В русской народной речи используются структуры для обозначения понятия «предки по отцовской линии», которое является важным элементом стихии народов степной зоны: « — Старый отецкий устав не смей нарушать — исстари так дедами-прадедами уложено и навеки ими наставлено» (МЕЛ II /205); «Пусть не думают, что деды-прадеды золотые пенки снимали» (Баж 142); «...чтобы отцовский-праотцовский разум попользовать» (ЗК 378); «....немогла дождаться часа, чтобы подпалить отцову-дедову избу» (Расп 41).
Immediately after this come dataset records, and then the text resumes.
(* Let $F:\mathbb{R}^n\rightrightarrows\mathbb{R}^p$ and $G:\mathbb{R}^p\rightrightarrows\mathbb{R}^q$ be nearly convex set-valued mappings with $\operatorname{ri}(\operatorname{rge} F)\cap\operatorname{ri}(\operatorname{dom} G)\neq\emptyset$. Define $M_0(x,z)=\operatorname{ri} F(x)\cap\operatorname{ri} G^{-1}(z)$ for $(x,z)\in\mathbb{R}^n\times\mathbb{R}^q$ and $\operatorname{dom} M_0=\{(x,z):M_0(x,z)\neq\emptyset\}$. Then $$\operatorname{ri}\big(\operatorname{gph}(G\circ F)\big)=\big[\operatorname{ri}(\operatorname{dom} F)\times\operatorname{ri}(\operatorname{rge} G)\big]\cap\operatorname{dom} M_0.$$
   Context: A set $\Omega\subset\mathbb{R}^k$ is nearly convex if there is a convex set $C$ with $C\subset\Omega\subset\overline{C}$. For an arbitrary set $\Omega$, $\operatorname{ri}\Omega=\{a\in\Omega:\exists\delta>0,\ B(a;\delta)\cap\operatorname{aff}\Omega\subset\Omega\}$. For a set-valued mapping $F$: $\operatorname{dom} F=\{x:F(x)\neq\emptyset\}$, $\operatorname{rge} F=\bigcup_x F(x)$, $\operatorname{gph} F=\{(x,y):y\in F(x)\}$; $F$ is nearly convex if $\operatorname{gph} F$ is nearly convex. $G^{-1}(z)=\{y: z\in G(y)\}$, and $(G\circ F)(x)=\bigcup_{y\in F(x)}G(y)$. *)

From HB Require Import structures.
From mathcomp Require Import all_boot all_order all_algebra.
From mathcomp Require Import boolp classical_sets reals.
Set Implicit Arguments. Unset Strict Implicit. Unset Printing Implicit Defensive.
Import Order.TTheory GRing.Theory Num.Theory.
Local Open Scope ring_scope.
Local Open Scope classical_set_scope.

(* R^k is represented by row vectors 'rV[R]_k; R^n x R^m is identified with
   R^(n+m) via row_mx. *)

Section Defs.
Variable R : realType.

Definition sqdist (k : nat) (x y : 'rV[R]_k) : R :=
  \sum_(i < k) (x ord0 i - y ord0 i) ^+ 2.

Definition eball (k : nat) (a : 'rV[R]_k) (d : R) : set 'rV[R]_k :=
  [set x | sqdist x a < d ^+ 2].

Definition convex_set_R (k : nat) (C : set 'rV[R]_k) : Prop :=
  forall x y (t : R), C x -> C y -> 0 <= t -> t <= 1 ->
    C (t *: x + (1 - t) *: y).

Definition eclosure (k : nat) (C : set 'rV[R]_k) : set 'rV[R]_k :=
  [set x | forall e : R, 0 < e -> exists y, C y /\ eball x e y].

Definition nearly_convex (k : nat) (O : set 'rV[R]_k) : Prop :=
  exists C : set 'rV[R]_k, convex_set_R C /\ C `<=` O /\ O `<=` eclosure C.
В стихии тюркских кочевников родословие является важнейшим понятием, ведь каждый кочевник должен знать семь поколений предков по отцовской линии. В тюркских языках предки по отцовской линии обозначаются параллельными структурами: тат. предки ата-баба (ТаРС 43) 'предки < отец и дед'; уйг. ата-бова (Кай 137); кирг. ата-баба (КиРС 51); каз. ата-баба (КаРС 34). В языкке хинди понятие «предки по отцовской линии» обозначается сходной структурой: бап-дада (ХРС 810) 'предки < отец и дед'. Данное понятие подобно обозначается в финно-угорских языках Волжского бассейна: марийск. ача-коча (МаРС 25) 'предки, праотцы < ача (МаРС 25) 'отец ' + коча (МаРС 131) 'дед', удм. атай-бабай (УдРС 34), морд. тетят-покштят (ЭРС 659) 'предки' < тетя (ЭРС 659) 'отец' + пок-штя (ЭРС 494) 'дед, дедушка'.
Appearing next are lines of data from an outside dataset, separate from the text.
(* Given a Spherical Diagram $\mathcal D$, every great circle on the unit sphere is crossed by at least three distinct arcs of $\mathcal D$.
   Context: A geodesic arc on the unit sphere in $\mathbb R^3$ is the unique shortest curve joining two non-antipodal points. An arc $a$ blocks an arc $b$ (equivalently, $b$ hits $a$) if an endpoint of $b$ lies in the relative interior of $a$. A Spherical Diagram (SD) is a finite non-empty collection $\mathcal D$ of pairwise interior-disjoint geodesic arcs on the unit sphere such that each arc of $\mathcal D$ is blocked by arcs of $\mathcal D$ at each of its endpoints. An arc $a$ crosses a curve $\gamma$ if $a\cap\gamma$ contains an isolated point $x$ in the relative interior of $a$ such that every neighborhood of $x$ contains points of $\gamma$ on both sides of $a$. *)

From Stdlib Require Import Reals List.
Open Scope R_scope.

Record V3 := mkV { vx : R; vy : R; vz : R }.

Definition vzero : V3 := mkV 0 0 0.
Definition vadd (u v : V3) : V3 := mkV (vx u + vx v) (vy u + vy v) (vz u + vz v).
Definition vscale (c : R) (u : V3) : V3 := mkV (c * vx u) (c * vy u) (c * vz u).
Definition vopp (u : V3) : V3 := mkV (- vx u) (- vy u) (- vz u).
Definition vsub (u v : V3) : V3 := vadd u (vopp v).
Definition dot (u v : V3) : R := vx u * vx v + vy u * vy v + vz u * vz v.
Definition cross (u v : V3) : V3 :=
  mkV (vy u * vz v - vz u * vy v) (vz u * vx v - vx u * vz v) (vx u * vy v - vy u * vx v).
Definition dist (u v : V3) : R := sqrt (dot (vsub u v) (vsub u v)).
Lemma norming_dual_norm (phi : X -> R) (v : X) : is_dual phi ->
  (forall z, `|phi z| <= `|z|) -> v != 0 -> phi v = `|v| -> dual_norm phi = 1.
Proof.
move=> D phi_le v_neq0 phiv; apply/le_anti; rewrite dual_norm_le1 //=.
have := dual_norm_ub v D; rewrite phiv normr_id -[X in X <= _]mul1r.
by rewrite ler_pM2r ?normr_gt0.
Qed.

Lemma best_approx_annihilator W x x0 : linear_subspace W -> W x0 -> ~ W x ->
  (forall w, W w -> `|x - x0| <= `|x - w|) ->
  exists F : X -> R, [/\ is_dual F, dual_norm F = 1, F x = `|x - x0| &
    forall w, W w -> F w = 0].
Proof.
move=> Wsub Wx0 Wx x0_best.
have [F [DF F_le Fx FW]] := annihilator Wsub (normr_ge0 _) x0_best.
exists F; split=> //; apply: (@norming_dual_norm _ (x - x0)) => //.
  by rewrite subr_eq0; apply: contraPneq Wx => ->.
by rewrite (linear_formB (proj1 DF)) Fx FW // subr0.
Qed.

End Annihilator.

Section CanonicalEmbedding.
Variables (R : realType) (X : normedModType R).
Implicit Types (phi : X -> R) (x y : X).

Lemma canonE x phi : is_dual phi -> Defs.canon x phi = phi x.
Proof. by move=> D; rewrite /Defs.canon asboolT. Qed.

Lemma canon_notdual x phi : ~ is_dual phi -> Defs.canon x phi = 0.
Proof. by move=> D; rewrite /Defs.canon asboolF. Qed.

Lemma bsub_canonE x y phi :
  is_dual phi -> bsub (Defs.canon x) (Defs.canon y) phi = phi (x - y).
Proof. by move=> D; rewrite /bsub !canonE // (linear_formB (proj1 D)). Qed.

Lemma bidual_norm_canonB x y :
  bidual_norm (bsub (Defs.canon x) (Defs.canon y)) = `|x - y|.
Proof.
have canon_le phi : is_dual phi -> dual_norm phi <= 1 ->
    `|bsub (Defs.canon x) (Defs.canon y) phi| <= `|x - y|.
  move=> D N; rewrite bsub_canonE //.
  by apply: le_trans (dual_norm_ub _ D) _; rewrite ler_piMl.
apply/le_anti; rewrite bidual_norm_le //=.
have [psi [D psi_le psiE]] := norming_functional (x - y).
have := le_bidual_norm canon_le D (dual_norm_le1 psi_le).
by rewrite bsub_canonE // psiE normr_id.
Qed.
Сочинительное сложение синонимического типа жил-был, который является типичным элементом русской присказки, рассматривалось в работе О. Б. Ткаченко (1979). Он представил эквиваленты в финно-угорских языках. Эта структура также доказывает положение А. А. Потебни о сходстве русских и китайских структур.
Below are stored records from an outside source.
Lemma is_Pderive_pair a b t a' b' : is_derive a t a' -> is_derive b t b' ->
  is_Pderive (fun s => (a s, b s)) t (a', b').
Proof.
  intros Ha Hb.
  assert (H := @is_derive_plus R_AbsRing C_R_NormedModule
    (fun s => scal (a s) ((1, 0) : C)) (fun s => scal (b s) ((0, 1) : C)) t _ _
    (@is_derive_scal_l R_AbsRing C_R_NormedModule a t a' (1, 0) Ha)
    (@is_derive_scal_l R_AbsRing C_R_NormedModule b t b' (0, 1) Hb)).
  eapply is_derive_eq; [| eapply is_derive_ext; [| exact H]].
  - unfold_C_ops. f_equal; ring.
  - intros s. unfold_C_ops. f_equal; ring.
Qed.

Lemma is_Pderive_plus f g t u v :
  is_Pderive f t u -> is_Pderive g t v -> is_Pderive (fun s => f s + g s)%C t (u + v)%C.
Proof. apply (@is_derive_plus R_AbsRing C_R_NormedModule). Qed.

Lemma is_Pderive_const (c : C) t : is_Pderive (fun _ => c) t (RtoC 0).
Proof. apply (@is_derive_const R_AbsRing C_R_NormedModule). Qed.

Lemma is_Pderive_mult f g t u v : is_Pderive f t u -> is_Pderive g t v ->
  is_Pderive (fun s => f s * g s)%C t (u * g t + f t * v)%C.
Proof.
  intros Hf Hg.
  pose proof (is_derive_Re _ _ _ Hf) as F1. pose proof (is_derive_Im _ _ _ Hf) as F2.
  pose proof (is_derive_Re _ _ _ Hg) as G1. pose proof (is_derive_Im _ _ _ Hg) as G2.
  pose proof (is_Pderive_pair _ _ _ _ _
    (is_derive_minus _ _ _ _ _ (Derive.is_derive_mult _ _ _ _ _ F1 G1) (Derive.is_derive_mult _ _ _ _ _ F2 G2))
    (is_derive_plus _ _ _ _ _ (Derive.is_derive_mult _ _ _ _ _ F1 G2) (Derive.is_derive_mult _ _ _ _ _ F2 G1)))
    as H.
  eapply is_derive_eq; [| eapply is_derive_ext; [| exact H]].
  - unfold Re, Im. unfold_C_ops. f_equal; ring.
  - intros s. unfold Re, Im. unfold_C_ops. f_equal; ring.
Qed.

Lemma is_Pderive_RtoC f t l : is_derive f t l -> is_Pderive (fun s => RtoC (f s)) t (RtoC l).
Proof. intros H. apply is_Pderive_pair; [exact H | apply (@is_derive_const R_AbsRing)]. Qed.

Lemma is_Pderive_id t : is_Pderive (fun s => RtoC s) t (RtoC 1).
Proof. apply is_Pderive_RtoC, (@is_derive_id R_AbsRing). Qed.

Lemma is_Pderive_cis t : is_Pderive cis t (Ci * cis t)%C.
Proof.
  eapply is_derive_eq; [| apply is_Pderive_pair; [apply is_derive_cos | apply is_derive_sin]].
  unfold Ci, cis. unfold_C_ops. f_equal; ring.
Qed.

Lemma is_Pderive_circle (c : C) r t :
  is_Pderive (fun s => c + RtoC r * cis s)%C t (RtoC r * (Ci * cis t))%C.
Proof.
  eapply is_Pderive_eq; [| exact (is_Pderive_plus _ _ t _ _ (is_Pderive_const c t)
    (is_Pderive_mult _ _ t _ _ (is_Pderive_const (RtoC r) t) (is_Pderive_cis t)))].
  cbv beta. ring.
Qed.

Lemma is_Cderive_AbsRing (f : C -> C) (z l : C) :
  is_Cderive f z l <-> @is_derive C_AbsRing (AbsRing_NormedModule C_AbsRing) f z l.
Proof. split; intros [_ H]; (split; [apply is_linear_scal_l | exact H]). Qed.

Lemma is_Cderive_plus (f g : C -> C) (z a b : C) :
  is_Cderive f z a -> is_Cderive g z b -> is_Cderive (fun w => f w + g w)%C z (a + b)%C.
Proof. apply (@is_derive_plus C_AbsRing C_NormedModule). Qed.

Lemma is_Cderive_mult (f g : C -> C) (z a b : C) : is_Cderive f z a -> is_Cderive g z b ->
  is_Cderive (fun w => f w * g w)%C z (a * g z + f z * b)%C.
Proof.
  rewrite !is_Cderive_AbsRing. intros Hf Hg.
  apply (@is_derive_mult C_AbsRing f g z a b Hf Hg). apply Cmult_comm.
Qed.

Lemma is_Cderive_const (c z : C) : is_Cderive (fun _ => c) z (RtoC 0).
Proof. apply (@is_derive_const C_AbsRing C_NormedModule). Qed.

Lemma is_Cderive_id (z : C) : is_Cderive (fun w => w) z (RtoC 1).
Proof. apply is_Cderive_AbsRing, (@is_derive_id C_AbsRing). Qed.

Lemma is_Cderive_comp (f g : C -> C) (z a b : C) :
  is_Cderive g z b -> is_Cderive f (g z) a -> is_Cderive (fun w => f (g w)) z (b * a)%C.
Proof.
  intros Hg Hf. apply is_Cderive_AbsRing in Hg.
  exact (@is_derive_comp C_AbsRing C_NormedModule f g z a b Hf Hg).
Qed.

Lemma is_Cderive_inv (z : C) : z <> 0%C -> is_Cderive Cinv z (- / (z * z))%C.
Proof.
  intros Hz. apply is_Cderive_Cmod. intros eps Heps.
  pose proof (proj1 (Cmod_gt_0 z) Hz) as Mz. set (m := Cmod z) in *.
  assert (Hm3 : 0 < m * m * m) by (repeat apply Rmult_lt_0_compat; lra).
  exists (Rmin (m / 2) (eps * (m * m * m) / 2)). split.
  { apply Rmin_glb_lt; [lra|]. apply Rdiv_lt_0_compat; [nra | lra]. }
  intros h Hh.
  assert (H1 : Cmod h < m / 2) by (eapply Rlt_le_trans; [exact Hh | apply Rmin_l]).
  assert (H2 : Cmod h < eps * (m * m * m) / 2) by (eapply Rlt_le_trans; [exact Hh | apply Rmin_r]).
  assert (Hzh : m / 2 <= Cmod (z + h)) by (pose proof (Cmod_triangle_rev z h); unfold m in *; lra).
  assert (Nzh : (z + h)%C <> 0%C) by (intro E; rewrite E, Cmod_0 in Hzh; lra).
  replace (/ (z + h) - / z - - / (z * z) * h)%C with (h * h * / (z * z * (z + h)))%C
    by (field; auto).
  rewrite !Cmod_mult, Cmod_inv, !Cmod_mult by (repeat apply Cmult_neq_0; auto).
  fold m. pose proof (Cmod_ge_0 h). set (k := Cmod (z + h)) in *.
  apply Rmult_le_reg_r with (m * m * k); [apply Rmult_lt_0_compat; nra|].
  rewrite Rmult_assoc, Rinv_l, Rmult_1_r by (apply Rgt_not_eq, Rmult_lt_0_compat; nra).
  assert (eps * (m * m * (m / 2)) <= eps * (m * m * k))
    by (apply Rmult_le_compat_l; [lra | apply Rmult_le_compat_l; [nra | lra]]).
  nra.
Qed.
Сложениям жить-быть, житье-бытье соответствует китайское сложение шэн-цунь 'существовать, существование, бытие' (ОШ 40/385). Данная китайская структура состоит из компонентов шэн (ОШ 40/385) '1) жить, живой, жизнь; 2) существование, быт' и цунь (ОШ 299/3047) '1) существовать, быть в живых; 2) остаться, сохраниться'.
О типичном характере данного сложения свидетельствует цзунь-цзай (ОШ 299/3047) 'существовать, существование', в котором тоже используется компонент цунь. Обе структуры относятся к семантическому полю «существование, бытие».
Синонимический характер китайских структур подтверждается значением компонента цзай (ОШ 22/154)1) 'поживать, находиться'; 2) 'быть в живых', который используется в структурах цзайтан (ОШ 223/154) 'быть в живых (о родителях)', цзайти 'быть в живых, жить', цзайе 'быть в отставке', цзайней 'находиться внутри, включительно', где обнаруживается общая морфема с упомянутым значением.
Синонимическое сложение путь-дорога, используемое во всех жанрах русского фольклора, тоже трактуется в книге А. А. Потебни. Оно встречается и в литературных произведениях: «Кто он, откуда и куда путь-дорогу держит» (МЕЛ 1/542); «Даром что лес страшенный, нашли путь-дорогу» (Баж 29); «— Ему надо только путь-дорогу хорошо определить!» (ЗК 139). Сложное слово путь-дорога также имеет семантический эквивалент в китайском языке: дао-лу 'дорога, путь' (ОШ. 611/6480) < дао 'путь, дорога, орбита, подход' (ОШ 611/6480) и лу '1) дорога, улица, путь, проспект'; 2) путь, маршрут, в пути, в дороге' (ОШ 132/1385).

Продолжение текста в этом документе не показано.